Tumors were tested for their PAM50 subtype and grouped as luminal B (n=127) or non-luminal B (n=168). The primary endpoint was biochemical progression-free survival, a measure of whether the cancer returned based on PSA levels, recurrence, metastasis or death. Median follow-up was 5 years.
Patients with luminal B tumors saw a significant benefit from hormone therapy. Their five-year biochemical progression-free survival was 72.4% with apalutamide, compared to 53.9% with placebo (p=0.0062). In contrast, those with non-luminal B tumors saw no benefit, with nearly identical five-year biochemical control between the hormone and placebo arms (70.2% vs. 71.1%, p=0.44).
A similar pattern emerged for metastasis-free survival. Among luminal B patients, five-year survival without metastasis was 94.7% with hormone therapy and 81.8% with placebo (p=0.029). No difference was seen in the non-luminal B group (89.9% vs. 89.3%, p=0.90).

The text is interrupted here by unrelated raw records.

Definition superadditive_nonneg (R : realType) (f : R -> R) : Prop :=
  forall x y : R, 0 <= x -> 0 <= y -> f x + f y <= f (x + y).

Definition continuous_nonneg (R : realType) (f : R -> R) : Prop :=
  {within [set x : R | 0 <= x], continuous f}.

Definition psi (R : realType) (a : R) (x : R) : R :=
  if x == 0 then 0 else Num.sg x * powR `|x| a.

Definition phi (R : realType) (a : R) (x : R) : R :=
  if x == 0 then 0 else powR `|x| a.

From HB Require Import structures.
From mathcomp Require Import all_boot all_order all_algebra.
From mathcomp Require Import all_classical all_reals all_analysis.
From mathcomp Require Import ring lra zify.
Import Order.TTheory GRing.Theory Num.Theory.
Import numFieldNormedType.Exports.
Local Open Scope ring_scope.
Set Implicit Arguments.
Unset Strict Implicit.
Unset Printing Implicit Defensive.

(* Necessity: each G_i, and also the path on three vertices through a cut vertex,
   is an induced subgraph of G.  Rank-two test matrices in P_{path3} show that f is
   nonnegative and superadditive on [0, oo) and that f(b)^2 <= f(a) f(c) whenever
   b^2 = a c.  Such an f is nondecreasing; it either vanishes on (0, oo) or is
   positive there, and then f(x q^j) grows at least linearly in j, so choosing
   q^N = 2 bounds the jump f(x q) - f(x) by (f(2x) - f(x)) / N: f is continuous.
   Sufficiency, for one coalescence at the cut vertex c: a matrix A in P_G is the
   sum of PSD matrices B, C supported on G_1 and G_2: B takes the least share beta
   of A_cc that makes it PSD, and C the rest.  Then
   f[A] = f[B] + f[C] + (f(A_cc) - f(beta) - f(A_cc - beta)) E_cc,
   and the last coefficient is nonnegative by superadditivity.  For the powers,
   superadditivity at (1, 1) reads 2 <= 2^alpha. *)

Section QuadraticForm.
Variable R : realType.

Definition qform n (A : 'M[R]_n) (v : 'cV[R]_n) : R := (v^T *m A *m v) 0 0.

Lemma qformE n (A : 'M[R]_n) v :
  qform A v = \sum_i \sum_j v i 0 * A i j * v j 0.
Proof.
rewrite /qform mxE.
under eq_bigr => j _ do rewrite mxE big_distrl /=.
rewrite exchange_big /=; apply: eq_bigr => i _; apply: eq_bigr => j _.
by rewrite !mxE.
Qed.

Lemma qformD n (A B : 'M[R]_n) v : qform (A + B) v = qform A v + qform B v.
Proof. by rewrite /qform mulmxDr mulmxDl mxE. Qed.

Lemma qformZ n (a : R) (A : 'M[R]_n) v : qform (a *: A) v = a * qform A v.
Proof. by rewrite /qform -scalemxAr -scalemxAl mxE. Qed.
(* Let $G_1=(V,D_1)$ and $G_2=(V,D_2)$ be two simple directed graphs on the same node set $V$. If at least one of $G_1,G_2$ is not complete and there exists a node $i\in V$ such that $|\mathrm{ch}_1(i)|\neq|\mathrm{ch}_2(i)|$, then $G_1$ and $G_2$ have different Jacobian matroids.
   Context: A directed graph $G=(V,D)$ has a finite node set $V$ and edge set $D\subseteq V\times V$ of ordered pairs $(i,j)$, $i\neq j$, written $i\to j$. It is simple if $(i,j)$ and $(j,i)$ are never both in $D$. It is complete if every pair of distinct nodes is adjacent, i.e. joined by an edge in some direction. $\mathrm{ch}_k(i)=\{j:(i,j)\in D_k\}$ is the set of children of $i$ in $G_k$. For $G=(V,D)$ let $\Lambda=(\lambda_{ij})$ be the $V\times V$ matrix with indeterminate entries $\lambda_{ij}$ for $(i,j)\in D$ and zeros elsewhere, and let $s$ be a further indeterminate. The precision parameterization is $\psi_G(\Lambda,s)=s(I-\Lambda)(I-\Lambda)^T=K=(K_{ij})$. The (transposed) Jacobian $J=J(\psi_G)$ has one row for each parameter $\lambda_{kl}$, $(k,l)\in D$, and one row for $s$. It has one column for each entry $K_{ij}$ with $i\le j$ (equivalently, for each unordered pair $\{i,j\}$, including $i=j$). The entry in row $\theta$, column $K_{ij}$ is $\partial K_{ij}/\partial\theta$. The Jacobian matroid of $G$ is the matroid on this set of columns in which a set of columns is independent iff the columns are linearly independent over the field $\mathbb{R}(\lambda,s)$ of rational functions in the parameters. *)

From HB Require Import structures.
From mathcomp Require Import all_boot all_order all_algebra.
From mathcomp Require Import fraction.
From mathcomp Require Import Rstruct.
From mathcomp.multinomials Require Import mpoly.
From Stdlib Require Rdefinitions.

Set Implicit Arguments.
Unset Strict Implicit.
Unset Printing Implicit Defensive.

Import GRing.Theory.
Local Open Scope ring_scope.

Definition digraph (n : nat) (D : {set 'I_n * 'I_n}) : Prop :=
  forall e, e \in D -> e.1 != e.2.

Definition simple_digraph (n : nat) (D : {set 'I_n * 'I_n}) : Prop :=
  forall i j : 'I_n, ~ ((i, j) \in D /\ (j, i) \in D).

Definition complete_digraph (n : nat) (D : {set 'I_n * 'I_n}) : Prop :=
  forall i j : 'I_n, i != j -> ((i, j) \in D) || ((j, i) \in D).

Definition ch (n : nat) (D : {set 'I_n * 'I_n}) (i : 'I_n) : {set 'I_n} :=
  [set j | (i, j) \in D].

(* Indeterminates: lambda_{ij} is variable number i*n+j, s is variable n*n. *)
Definition nvars (n : nat) : nat := (n * n).+1.
Definition lam_idx (n : nat) (i j : 'I_n) : 'I_(nvars n) := inord (i * n + j).
Definition s_idx (n : nat) : 'I_(nvars n) := ord_max.

Definition polyR (n : nat) := {mpoly Rdefinitions.R[nvars n]}.
Definition ratfun (n : nat) := {fraction polyR n}.

Definition Lambda (n : nat) (D : {set 'I_n * 'I_n}) : 'M[polyR n]_n :=
  \matrix_(i, j) (if (i, j) \in D then 'X_(lam_idx i j) else 0).

Definition Kmat (n : nat) (D : {set 'I_n * 'I_n}) : 'M[polyR n]_n :=
  'X_(s_idx n) *: ((1%:M - Lambda D) *m (1%:M - Lambda D)^T).

(* columns: entries K_ij with i <= j (unordered pairs incl. i = j) *)
Definition col_index (n : nat) := {p : 'I_n * 'I_n | (nat_of_ord p.1 <= nat_of_ord p.2)%N}.

Definition params (n : nat) (D : {set 'I_n * 'I_n}) : {set 'I_(nvars n)} :=
  s_idx n |: [set lam_idx e.1 e.2 | e in D].

(* The column of the (transposed) Jacobian corresponding to K_ij, as a column
   vector over R(lambda, s) indexed by the variables; the entry in row theta is
   dK_ij/dtheta for theta a parameter (rows of non-parameters are omitted by
   setting them to 0; they are identically 0 anyway). *)
Definition jac_column (n : nat) (D : {set 'I_n * 'I_n}) (c : col_index n)
  : 'cV[ratfun n]_(nvars n) :=
  \col_(t < nvars n)
     (if t \in params D
      then tofrac (mderiv t (Kmat D (val c).1 (val c).2))
      else 0).

Definition jac_indep (n : nat) (D : {set 'I_n * 'I_n}) (S : {set col_index n}) : bool :=
  free [seq jac_column D c | c <- enum S].

Definition jacobian_matroid (n : nat) (D : {set 'I_n * 'I_n}) : {set {set col_index n}} :=
  [set S | jac_indep D S].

"The patients with luminal B tumors saw a large benefit, both in reducing recurrence and lowering the risk of metastatic disease," said Dr. Spratt. "But for patients without this subtype, hormone therapy didn't change the outcome. That's incredibly valuable information when we're trying to personalize care."
Dr. Spratt said he believes the findings will be practice changing.
"This is the first prospectively validated predictive biomarker in prostate cancer," he said. "It gives us a promising way to personalize care, recommending hormone therapy for those who respond, and avoiding unnecessary treatment when it is unlikely to help."
While the BALANCE trial was designed as a phase II biomarker-stratified study, Dr. Spratt said the results were so definitive that a phase III trial is unlikely. "The magnitude of benefit — and the complete lack of benefit in some patients — makes it unlikely that we could ethically enroll patients in a follow-up trial," he said. "PAM50 could now be used in recurrent prostate cancer to support shared decision-making."